Even by just being in the group and discussing issues with other men, participants make progress.

“We know that by the end of the group they’ll have started to relate to other men in a way they probably haven’t before, because they’re not used to talking in emotional terms and disclosing very personal things to other men about themselves,” says Dr Byrne.

He says expectations around masculinity are in a sense much greater, with men expected to play an equal role in bringing up the kids, to be interested in the little things like changing nappies.

“But on the other hand, the whole idea of what a man is has become a lot more fuzzy,” he says.

“And a lot of guys just don’t have any sense of themselves or their value as a man.”

The Centacare programs deal more with the symptoms of these shifts, he says.

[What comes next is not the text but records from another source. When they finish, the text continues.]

Lemma RInt_jcont F t0 : 0 <= t0 < T -> (forall u, 0 <= u <= 1 -> jcont F u t0) ->
  (forall t, 0 <= t < T -> ex_RInt (fun u => F u t) 0 1) ->
  forall e, e > 0 -> exists d, d > 0 /\ forall t, 0 <= t < T -> Rabs (t - t0) < d ->
    Rabs (RInt (fun u => F u t) 0 1 - RInt (fun u => F u t0) 0 1) < e.
Proof.
  intros Ht0 HF Hex e He.
  destruct (jcont_uniform F t0 Ht0 HF (e / 2) ltac:(lra)) as [d [Hd Hnear]].
  exists d. split; auto. intros t Ht Htt.
  assert (Hup : RInt (fun u => F u t) 0 1 <= RInt (fun u => F u t0 + e / 2) 0 1).
  { apply RInt_le; [lra | auto | apply (@ex_RInt_plus R_NormedModule); auto; apply ex_RInt_const |].
    intros x Hx. specialize (Hnear x t Ht Htt ltac:(lra)). apply Rabs_lt_between in Hnear. lra. }
  assert (Hlo : RInt (fun u => F u t0 + - (e / 2)) 0 1 <= RInt (fun u => F u t) 0 1).
  { apply RInt_le; [lra | apply (@ex_RInt_plus R_NormedModule); auto; apply ex_RInt_const | auto |].
    intros x Hx. specialize (Hnear x t Ht Htt ltac:(lra)). apply Rabs_lt_between in Hnear. lra. }
  rewrite RInt_plus_const in Hup, Hlo by auto.
  apply Rabs_lt_between. lra.
Qed.
End JointContinuity.

(** * Smooth families of closed curves *)

Lemma is_derive_shift1 (f : R -> R) u l : is_derive f (u + 1) l -> is_derive (fun v => f (v + 1)) u l.
Proof.
  intros H. rewrite <- (scal_one l).
  apply (is_derive_comp f (fun v => v + 1)); [exact H |]. auto_derive; auto; ring.
Qed.

Lemma locally_in_interval (a b t0 : R) (P : R -> Prop) : a < t0 < b ->
  (forall x, a < x < b -> P x) -> locally t0 P.
Proof.
  intros Ht HP.
  assert (Hd : 0 < Rmin (t0 - a) (b - t0)) by (apply Rmin_glb_lt; lra).
  exists (mkposreal _ Hd). intros s Hs. cbn in Hs. unfold AbsRing_ball, abs, minus, plus, opp in Hs; cbn in Hs.
  apply HP. pose proof (Rmin_l (t0 - a) (b - t0)); pose proof (Rmin_r (t0 - a) (b - t0)).
  apply Rabs_lt_between in Hs. lra.
Qed.

(* [kappa_t = kappa_uu / S^2 + kappa^2 (kappa - c)] at a critical point of
   [kappa] on a curve with normal velocity [kappa - c]: [xut, yut, xuut, yuut]
   are the mixed derivatives of the curve computed from that velocity (with
   [kappa_u = 0]).  The identity only holds modulo [S^2 = xu^2 + yu^2]; the
   cofactor below was obtained by polynomial division. *)
Lemma curvature_evolution_at_critical_point (xu yu xuu yuu xuuu yuuu S c kuu xut yut xuut yuut : R) :
  S > 0 -> S ^ 2 = xu ^ 2 + yu ^ 2 ->
  let kappa := (xu * yuu - yu * xuu) / S ^ 3 in
  let V := kappa - c in
  let Su := (xu * xuu + yu * yuu) / S in
  let Suu := (xuu * xuu + xu * xuuu + yuu * yuu + yu * yuuu) / S - (xu * xuu + yu * yuu) * Su / S ^ 2 in
  xut = V * (- yuu / S + yu * Su / S ^ 2) ->
  yut = V * (xuu / S - xu * Su / S ^ 2) ->
  xuut = kuu * (- yu / S) + V * (- yuuu / S + 2 * yuu * Su / S ^ 2 + yu * Suu / S ^ 2 - 2 * yu * Su ^ 2 / S ^ 3) ->
  yuut = kuu * (xu / S) + V * (xuuu / S - 2 * xuu * Su / S ^ 2 - xu * Suu / S ^ 2 + 2 * xu * Su ^ 2 / S ^ 3) ->
  (xut * yuu + xu * yuut - yut * xuu - yu * xuut) / S ^ 3
    - 3 * (xu * yuu - yu * xuu) * ((xu * xut + yu * yut) / S) / S ^ 4
  = kuu / S ^ 2 + kappa ^ 2 * V.
Proof.
  intros HS Hrel kappa V Su Suu -> -> -> ->. unfold V, kappa, Suu, Su.
  set (a := xu) in *. set (b := yu) in *. set (p := xuu). set (q := yuu). set (r := xuuu). set (w := yuuu).
  apply Rminus_diag_uniq.
  transitivity ((S ^ 2 - a ^ 2 - b ^ 2) * ((-1)*S^7*kuu + (1)*q^2*S^5*c + (-1)*a*r*S^5*c + (1)*p^2*S^5*c + (-1)*b*w*S^5*c + (3)*b^2*q^2*S^3*c + (3)*a^2*p^2*S^3*c + (6)*a*b*p*q*S^3*c + (-1)*a*q^3*S^2 + (1)*b*p*q^2*S^2 + (1)*a^2*q*r*S^2 + (-1)*a*b*p*r*S^2 + (-1)*a*p^2*q*S^2 + (1)*b*p^3*S^2 + (1)*a*b*q*w*S^2 + (-1)*b^2*p*w*S^2 + (-3)*a*b^2*q^3 + (3)*b^3*p*q^2 + (-3)*a^3*p^2*q + (3)*a^2*b*p^3 + (-6)*a^2*b*p*q^2 + (6)*a*b^2*p^2*q) / S ^ 11).
  - field. lra.
  - rewrite Hrel. unfold Rdiv. ring.
Qed.
Lemma restr_cone_termNy y x : ~ C x -> ((dotp y x)%:E - g x)%E = -oo%E.
Proof.
move=> nCx; rewrite /restr_cone /cone_indicator asboolF // addey //.
by case: f_classV => _ [_ [[_ f_ge0] _]]; apply/eqP => fx; have := f_ge0 x; rewrite fx.
Qed.

Lemma cvx_conj_le y (M : \bar R) :
  (forall x, C x -> ((dotp y x - fr x)%:E <= M)%E) -> (h y <= M)%E.
Proof.
move=> M_ub; apply: ge_ereal_sup => _ [x _ <-].
have [Cx|nCx] := pselect (C x); first by rewrite restr_cone_termE // M_ub.
by rewrite restr_cone_termNy // leNye.
Qed.

Lemma cvx_conj_ge y x : C x -> ((dotp y x - fr x)%:E <= h y)%E.
Proof. by move=> Cx; apply: ereal_sup_ubound; exists x => //; rewrite restr_cone_termE. Qed.

Lemma cvx_conj_le_sqnorm y : (h y <= (sqnorm y / (4 * alpha))%:E)%E.
Proof.
apply: cvx_conj_le => x Cx; rewrite lee_fin.
by apply: le_trans (young_dotp x y alpha_gt0); rewrite lerB // (andP (fr_bounds Cx)).1.
Qed.

Lemma cvx_conj_ge0 y : (0 <= h y)%E.
Proof.
by have := cvx_conj_ge y (convex_cone0 C_cone); rewrite fr0 dotpC dotp0l subr0.
Qed.

Let hr y := fine (h y).

Lemma cvx_conj_fineE y : h y = (hr y)%:E.
Proof. by have := cvx_conj_ge0 y; have := cvx_conj_le_sqnorm y; rewrite /hr; case: (h y). Qed.

Lemma hr_le y (M : R) : (forall x, C x -> dotp y x - fr x <= M) -> hr y <= M.
Proof.
by move=> M_ub; rewrite -lee_fin -cvx_conj_fineE; apply: cvx_conj_le => x /M_ub.
Qed.

Lemma hr_ge y x : C x -> dotp y x - fr x <= hr y.
Proof. by move=> Cx; rewrite -lee_fin -cvx_conj_fineE; exact: cvx_conj_ge. Qed.

Lemma hr_ge0 y : 0 <= hr y.
Proof. by rewrite -lee_fin -cvx_conj_fineE cvx_conj_ge0. Qed.

Lemma hr0 : hr 0 = 0.
Proof.
apply/eqP; rewrite eq_le hr_ge0 andbT -lee_fin -cvx_conj_fineE.
by apply: le_trans (cvx_conj_le_sqnorm 0) _; rewrite sqnorm0 mul0r.
Qed.

Lemma hrZ_le (l : R) y : 0 < l -> hr (l *: y) <= l ^+ 2 * hr y.
Proof.
move=> l_gt0; apply: hr_le => x Cx.
have Cz : C (l^-1 *: x) by apply: convex_coneZ; rewrite ?invr_ge0 ?ltW.
have -> : x = l *: (l^-1 *: x) by rewrite scalerA divff ?scale1r ?gt_eqF.
rewrite (frZ (ltW l_gt0) Cz) dotpZl dotpZr mulrA -expr2 -mulrBr.
by rewrite ler_wpM2l ?sqr_ge0 ?hr_ge.
Qed.

Lemma hrZ (l : R) y : 0 <= l -> hr (l *: y) = l ^+ 2 * hr y.
Proof.
rewrite le_eqVlt => /predU1P[<-|l_gt0]; first by rewrite scale0r hr0 expr0n mul0r.
apply/eqP; rewrite eq_le hrZ_le //=.
have linv_gt0 : 0 < l^-1 by rewrite invr_gt0.
have := hrZ_le (l *: y) linv_gt0.
rewrite scalerA mulVf ?gt_eqF // scale1r => /(ler_wpM2l (sqr_ge0 l)).
by rewrite mulrA -exprMn mulfV ?gt_eqF // expr1n mul1r.
Qed.

Lemma epigraph_cvx_conjE :
  epigraph h = \bigcap_(x in C) [set p : V * R | dotp p.1 x - p.2 <= fr x].
Proof.
rewrite predeqE => p; rewrite /epigraph /= cvx_conj_fineE lee_fin; split.
  by move=> hp x Cx /=; have := hr_ge p.1 Cx; lra.
by move=> hp; apply: hr_le => x /hp /=; lra.
Qed.
(* Let $R$ be a commutative ring and $F$ a countably presented flat $R$-module. Let $T \subseteq R$ be a multiplicative subset such that $T^{-1}F$ is a projective $T^{-1}R$-module. Then there is a countable multiplicative subset $S \subseteq T$ such that $S^{-1}F$ is a projective $S^{-1}R$-module. *)

(* commutative rings as comPzRingType (possibly the zero ring,
   since a localization can be the zero ring), modules as lmodType. *)
From HB Require Import structures.
From mathcomp Require Import all_boot all_algebra.
Set Implicit Arguments. Unset Strict Implicit. Unset Printing Implicit Defensive.
Import GRing.Theory.
Local Open Scope ring_scope.

Section Defs.
Variable R : comPzRingType.

Definition multiplicative (S : R -> Prop) : Prop :=
  S 1 /\ (forall a b, S a -> S b -> S (a * b)).

(* countable subset: enumerated by nat (S is nonempty when multiplicative) *)
Definition countable_subset (S : R -> Prop) : Prop :=
  exists e : nat -> R, forall r, S r <-> exists n, e n = r.

Definition lincomb (F : lmodType R) (c : seq R) (x : nat -> F) : F :=
  \sum_(i < size c) c`_i *: x i.

(* countably presented: exact sequence R^(N) --rel--> R^(N) --x--> F --> 0,
   elements of R^(N) being finitely supported sequences (seq R) *)
Definition countably_presented (F : lmodType R) : Prop :=
  exists (x : nat -> F) (rel : nat -> seq R),
    [/\ forall v : F, exists c : seq R, v = lincomb c x,
        forall k, lincomb (rel k) x = 0
      & forall c : seq R, lincomb c x = 0 ->
          exists d : seq R, forall i, c`_i = \sum_(k < size d) d`_k * (rel k)`_i].

Definition balanced (M N : lmodType R) (A : zmodType) (b : M -> N -> A) : Prop :=
  [/\ forall m m' n, b (m + m') n = b m n + b m' n,
      forall m n n', b m (n + n') = b m n + b m n'
    & forall r m n, b (r *: m) n = b m (r *: n)].
Theorem mainTheorem14 (S : signature) (B : algebra S) (P : B -> Prop)
    (HP : op_closed P) :
  @semiprime S B -> @semiprime S (subalg HP) ->
  @comm_commutative S B -> @comm_join_distributive S B ->
  @comm_commutative S (subalg HP) -> @comm_join_distributive S (subalg HP) ->
  @admissible S B P HP ->
  forall psi : rel_on (subalg HP), @is_min_prime S (subalg HP) psi ->
    exists mu : rel_on B, @is_min_prime S B mu /\ req (@restr S B P HP mu) psi.
Proof.
move=> _ _ commC commD _ _ adm psi [psi_prime psi_min].
have [th th_max] := exists_maximal_below_psi psi_prime.
have th_prime := maximal_below_psi_prime psi_prime commC commD th_max.
have [mu [mu_min mu_th]] := min_prime_below th_prime.
exists mu; split=> //.
apply: psi_min; first exact: adm (proj1 mu_min).
by move=> x y /mu_th; exact: th_max.1.2.
Qed.
Lemma natr_mul_JL_step_le : d%:R * t <= eps / 2.
Proof.
have [->|d_gt0] := posnP d; first by rewrite mul0r divr_ge0.
by rewrite (_ : d%:R * _ = eps / 2) //; field; rewrite pnatr_eq0 -lt0n.
Qed.

Lemma natr_pred_mul_JL_step_le : d.-1%:R * t <= eps / 2.
Proof.
by apply: le_trans _ natr_mul_JL_step_le; rewrite ler_wpM2r ?JL_step_ge0 // ler_nat leq_pred.
Qed.

Lemma JL_step_le : t <= eps.
Proof.
have [d0|d_gt0] := posnP d; first by rewrite d0 mulr0 invr0 !mulr0.
have t_le_dt : t <= d%:R * t by rewrite ler_peMl ?JL_step_ge0 // ler1n.
have half_le : eps / 2 <= eps by rewrite ler_pdivrMr // ler_peMr // ler1n.
exact: le_trans t_le_dt (le_trans natr_mul_JL_step_le half_le).
Qed.

Lemma self_err_le : eps <= 2 -> (1 + t) ^+ d - 1 <= eps / 2 * expR 1.
Proof.
move=> eps_le2; have := exprDn_sub_le d ler01 JL_step_ge0; rewrite expr1n => /le_trans; apply.
have := exprDn_le_expR1 (k := d.-1) ler01 JL_step_ge0; rewrite expr1n mul1r => pow_le.
apply: ler_pM (mulr_ge0 (ler0n _ _) JL_step_ge0) (exprn_ge0 _ (addr_ge0 ler01 JL_step_ge0))
  natr_mul_JL_step_le (pow_le _).
by apply: le_trans natr_pred_mul_JL_step_le _; rewrite ler_pdivrMr // mul1r.
Qed.

Lemma cross_err_le (mu : R) : 0 <= mu ->
  (mu + t) ^+ d - mu ^+ d <= eps / 2 * Num.max (eps ^+ (d - 1)) (mu ^+ (d - 1)) * expR 1.
Proof.
move=> mu_ge0; apply: le_trans (exprDn_sub_le d mu_ge0 JL_step_ge0) _.
set M := Num.max eps mu; have M_ge0 : 0 <= M by rewrite le_max eps_ge0.
have -> : Num.max (eps ^+ (d - 1)) (mu ^+ (d - 1)) = M ^+ d.-1.
  rewrite subn1 /M; case: (leP eps mu) => [le_em | /ltW le_me].
    by rewrite !max_r // lerXn2r.
  by rewrite !max_l // lerXn2r.
rewrite -[X in _ <= X]mulrA.
apply: ler_pM (mulr_ge0 (ler0n _ _) JL_step_ge0) (exprn_ge0 _ (addr_ge0 mu_ge0 JL_step_ge0))
  natr_mul_JL_step_le _.
have le_Mt : (mu + t) ^+ d.-1 <= (M + t) ^+ d.-1.
  by rewrite lerXn2r ?nnegrE ?addr_ge0 ?JL_step_ge0 // lerD2r le_max lexx orbT.
apply: le_trans le_Mt (exprDn_le_expR1 M_ge0 JL_step_ge0 _).
apply: le_trans natr_pred_mul_JL_step_le _; rewrite le_max; apply/orP; left.
by rewrite ler_pdivrMr // ler_peMr // ler1n.
Qed.

Lemma cross_err0_le : (0 + t) ^+ d - 0 ^+ d <= eps ^+ d.
Proof.
have t_pow_le : t ^+ d <= eps ^+ d by rewrite lerXn2r ?nnegrE ?JL_step_ge0 ?JL_step_le.
by rewrite add0r (le_trans _ t_pow_le) // gerBl exprn_ge0.
Qed.

Lemma eps'_ge0 (mu : R) : 0 <= mu -> 0 <= eps' eps mu d r.
Proof.
move=> mu_ge0; rewrite /eps'; case: eqP => _.
  by rewrite mulr_ge0 ?addr_ge0 ?mulr_ge0 ?exprn_ge0 ?expR_ge0 ?sqrtr_ge0.
by rewrite mulr_ge0 ?addr_ge0 ?mulr_ge0 ?exprn_ge0 ?expR_ge0 ?sqrtr_ge0 // le_max exprn_ge0.
Qed.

“Because we rely primarily on funding, we have to go with what issues are up there on the public agenda,” he adds.

“So something like divorce and separation is a big issue – anger, domestic violence, same deal.

“Even parenting courses came about as a response to concerns about child protection. They wanted fathers to be better prepared for their responsibilities. So it’s all very symptomatic.”

Federal funding finishes this year and Dr Byrne is hoping for further support in a new round.

He sees such work growing and expanding over the next five to 10 years.

Men’s groups are proliferating across Sydney, but it’s the drum-beating weekend attempts to capture the warrior within that dominate magazine columns.

Other groups are far less dramatic.

They simply provide a forum for discussion for men who are challenged and confused by life changes, such as divorce and separation, or simply by shifting expectation.

For example, the Older Men New Ideas (OMNI) group, is a networking organisation for men 55 years and older. There are now 39 groups across Sydney.